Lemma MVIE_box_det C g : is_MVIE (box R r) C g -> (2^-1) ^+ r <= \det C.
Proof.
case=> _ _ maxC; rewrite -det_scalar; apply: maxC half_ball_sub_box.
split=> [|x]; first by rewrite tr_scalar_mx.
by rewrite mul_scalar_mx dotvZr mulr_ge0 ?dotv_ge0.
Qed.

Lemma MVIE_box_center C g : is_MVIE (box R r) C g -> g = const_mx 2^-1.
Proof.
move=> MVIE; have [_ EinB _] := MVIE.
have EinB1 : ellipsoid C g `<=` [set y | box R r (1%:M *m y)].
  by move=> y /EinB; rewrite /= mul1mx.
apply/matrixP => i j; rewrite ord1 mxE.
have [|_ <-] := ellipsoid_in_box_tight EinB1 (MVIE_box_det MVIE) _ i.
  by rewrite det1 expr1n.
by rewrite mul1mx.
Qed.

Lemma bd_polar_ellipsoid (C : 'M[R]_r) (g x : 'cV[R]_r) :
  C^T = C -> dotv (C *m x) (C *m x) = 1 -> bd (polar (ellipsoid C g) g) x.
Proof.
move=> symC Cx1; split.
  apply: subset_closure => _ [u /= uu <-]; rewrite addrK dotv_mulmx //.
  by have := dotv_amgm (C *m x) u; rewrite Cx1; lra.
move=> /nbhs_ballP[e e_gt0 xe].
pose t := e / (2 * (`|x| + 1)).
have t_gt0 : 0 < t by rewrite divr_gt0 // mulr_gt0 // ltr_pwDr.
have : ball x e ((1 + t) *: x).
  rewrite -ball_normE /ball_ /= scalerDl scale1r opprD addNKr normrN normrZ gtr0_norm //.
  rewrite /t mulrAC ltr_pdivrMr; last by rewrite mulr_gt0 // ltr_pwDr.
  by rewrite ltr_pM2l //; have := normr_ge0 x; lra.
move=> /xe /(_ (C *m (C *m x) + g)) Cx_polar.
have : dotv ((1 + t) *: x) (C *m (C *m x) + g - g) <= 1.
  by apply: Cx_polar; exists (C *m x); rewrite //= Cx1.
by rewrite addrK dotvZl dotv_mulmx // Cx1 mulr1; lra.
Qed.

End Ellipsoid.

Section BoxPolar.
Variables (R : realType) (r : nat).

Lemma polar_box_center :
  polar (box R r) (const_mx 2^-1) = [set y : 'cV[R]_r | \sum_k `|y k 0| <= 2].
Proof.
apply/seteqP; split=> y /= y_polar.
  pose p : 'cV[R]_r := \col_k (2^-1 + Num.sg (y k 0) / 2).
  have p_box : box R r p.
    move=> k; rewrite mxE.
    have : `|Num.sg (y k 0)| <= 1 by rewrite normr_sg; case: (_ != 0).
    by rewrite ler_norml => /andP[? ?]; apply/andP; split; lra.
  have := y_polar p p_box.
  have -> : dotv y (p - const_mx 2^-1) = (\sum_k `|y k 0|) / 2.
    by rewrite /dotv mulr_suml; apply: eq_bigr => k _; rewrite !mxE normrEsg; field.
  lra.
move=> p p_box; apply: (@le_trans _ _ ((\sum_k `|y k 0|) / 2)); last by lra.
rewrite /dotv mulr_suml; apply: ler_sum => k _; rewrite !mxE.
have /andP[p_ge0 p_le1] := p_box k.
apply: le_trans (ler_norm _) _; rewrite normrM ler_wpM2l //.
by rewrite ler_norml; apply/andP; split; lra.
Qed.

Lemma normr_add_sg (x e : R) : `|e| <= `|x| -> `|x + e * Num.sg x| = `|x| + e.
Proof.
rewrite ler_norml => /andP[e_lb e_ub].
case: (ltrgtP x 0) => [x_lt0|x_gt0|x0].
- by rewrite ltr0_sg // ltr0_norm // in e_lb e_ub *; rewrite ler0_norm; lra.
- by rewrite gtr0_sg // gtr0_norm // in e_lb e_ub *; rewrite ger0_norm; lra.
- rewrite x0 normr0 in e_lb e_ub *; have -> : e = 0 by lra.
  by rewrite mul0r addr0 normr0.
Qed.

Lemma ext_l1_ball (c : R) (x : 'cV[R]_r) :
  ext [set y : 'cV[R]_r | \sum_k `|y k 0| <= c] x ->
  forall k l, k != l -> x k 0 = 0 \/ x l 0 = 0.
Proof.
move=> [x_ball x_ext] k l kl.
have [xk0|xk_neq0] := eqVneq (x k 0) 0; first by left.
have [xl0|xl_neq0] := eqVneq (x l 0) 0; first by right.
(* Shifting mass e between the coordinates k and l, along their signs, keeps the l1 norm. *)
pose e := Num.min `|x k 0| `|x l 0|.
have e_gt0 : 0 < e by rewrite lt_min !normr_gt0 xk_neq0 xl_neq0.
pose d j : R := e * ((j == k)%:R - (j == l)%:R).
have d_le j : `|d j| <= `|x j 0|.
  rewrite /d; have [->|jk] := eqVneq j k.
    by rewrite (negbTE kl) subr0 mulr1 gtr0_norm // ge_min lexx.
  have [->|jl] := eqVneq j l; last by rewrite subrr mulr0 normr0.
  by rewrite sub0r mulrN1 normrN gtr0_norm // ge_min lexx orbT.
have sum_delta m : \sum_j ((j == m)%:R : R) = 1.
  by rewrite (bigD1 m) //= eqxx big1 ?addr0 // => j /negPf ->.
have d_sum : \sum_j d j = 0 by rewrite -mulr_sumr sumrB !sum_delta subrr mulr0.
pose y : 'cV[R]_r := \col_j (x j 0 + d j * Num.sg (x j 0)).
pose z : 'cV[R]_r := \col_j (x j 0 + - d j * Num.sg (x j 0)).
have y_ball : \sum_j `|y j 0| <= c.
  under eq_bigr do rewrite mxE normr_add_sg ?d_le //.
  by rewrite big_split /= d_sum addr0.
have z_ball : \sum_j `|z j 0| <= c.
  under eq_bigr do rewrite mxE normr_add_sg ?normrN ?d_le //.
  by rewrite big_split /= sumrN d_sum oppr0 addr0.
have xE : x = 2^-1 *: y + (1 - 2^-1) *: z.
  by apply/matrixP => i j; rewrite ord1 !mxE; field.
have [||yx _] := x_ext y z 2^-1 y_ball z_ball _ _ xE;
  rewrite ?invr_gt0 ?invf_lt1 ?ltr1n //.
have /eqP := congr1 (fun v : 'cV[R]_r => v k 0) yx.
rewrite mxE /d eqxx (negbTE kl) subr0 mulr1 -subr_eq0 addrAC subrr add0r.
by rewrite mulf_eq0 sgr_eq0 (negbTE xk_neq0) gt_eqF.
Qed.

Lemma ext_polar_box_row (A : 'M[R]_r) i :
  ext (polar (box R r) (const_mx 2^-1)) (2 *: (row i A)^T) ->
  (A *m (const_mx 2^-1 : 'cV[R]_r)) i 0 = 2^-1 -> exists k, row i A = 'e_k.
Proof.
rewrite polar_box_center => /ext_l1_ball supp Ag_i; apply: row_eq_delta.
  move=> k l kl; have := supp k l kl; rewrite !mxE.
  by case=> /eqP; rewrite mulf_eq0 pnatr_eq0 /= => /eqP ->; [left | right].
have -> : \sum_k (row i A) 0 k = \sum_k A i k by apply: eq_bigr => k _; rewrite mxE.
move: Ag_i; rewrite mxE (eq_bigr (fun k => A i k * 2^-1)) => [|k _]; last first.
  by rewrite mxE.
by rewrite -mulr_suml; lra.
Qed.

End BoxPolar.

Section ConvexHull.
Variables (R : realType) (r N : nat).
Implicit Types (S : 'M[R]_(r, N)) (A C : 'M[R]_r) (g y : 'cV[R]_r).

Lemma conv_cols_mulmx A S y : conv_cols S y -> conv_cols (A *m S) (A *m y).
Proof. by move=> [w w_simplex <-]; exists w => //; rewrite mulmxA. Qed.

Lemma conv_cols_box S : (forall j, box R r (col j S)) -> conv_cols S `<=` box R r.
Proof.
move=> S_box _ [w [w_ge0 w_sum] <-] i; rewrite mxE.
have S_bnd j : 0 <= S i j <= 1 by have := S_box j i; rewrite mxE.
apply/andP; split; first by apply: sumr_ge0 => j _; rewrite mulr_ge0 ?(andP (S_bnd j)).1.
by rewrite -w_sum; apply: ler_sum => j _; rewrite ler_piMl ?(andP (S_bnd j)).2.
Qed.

# To do
In the listing, count the lines that contain the word "under", then give the number and nothing more.

# Exercise answer
2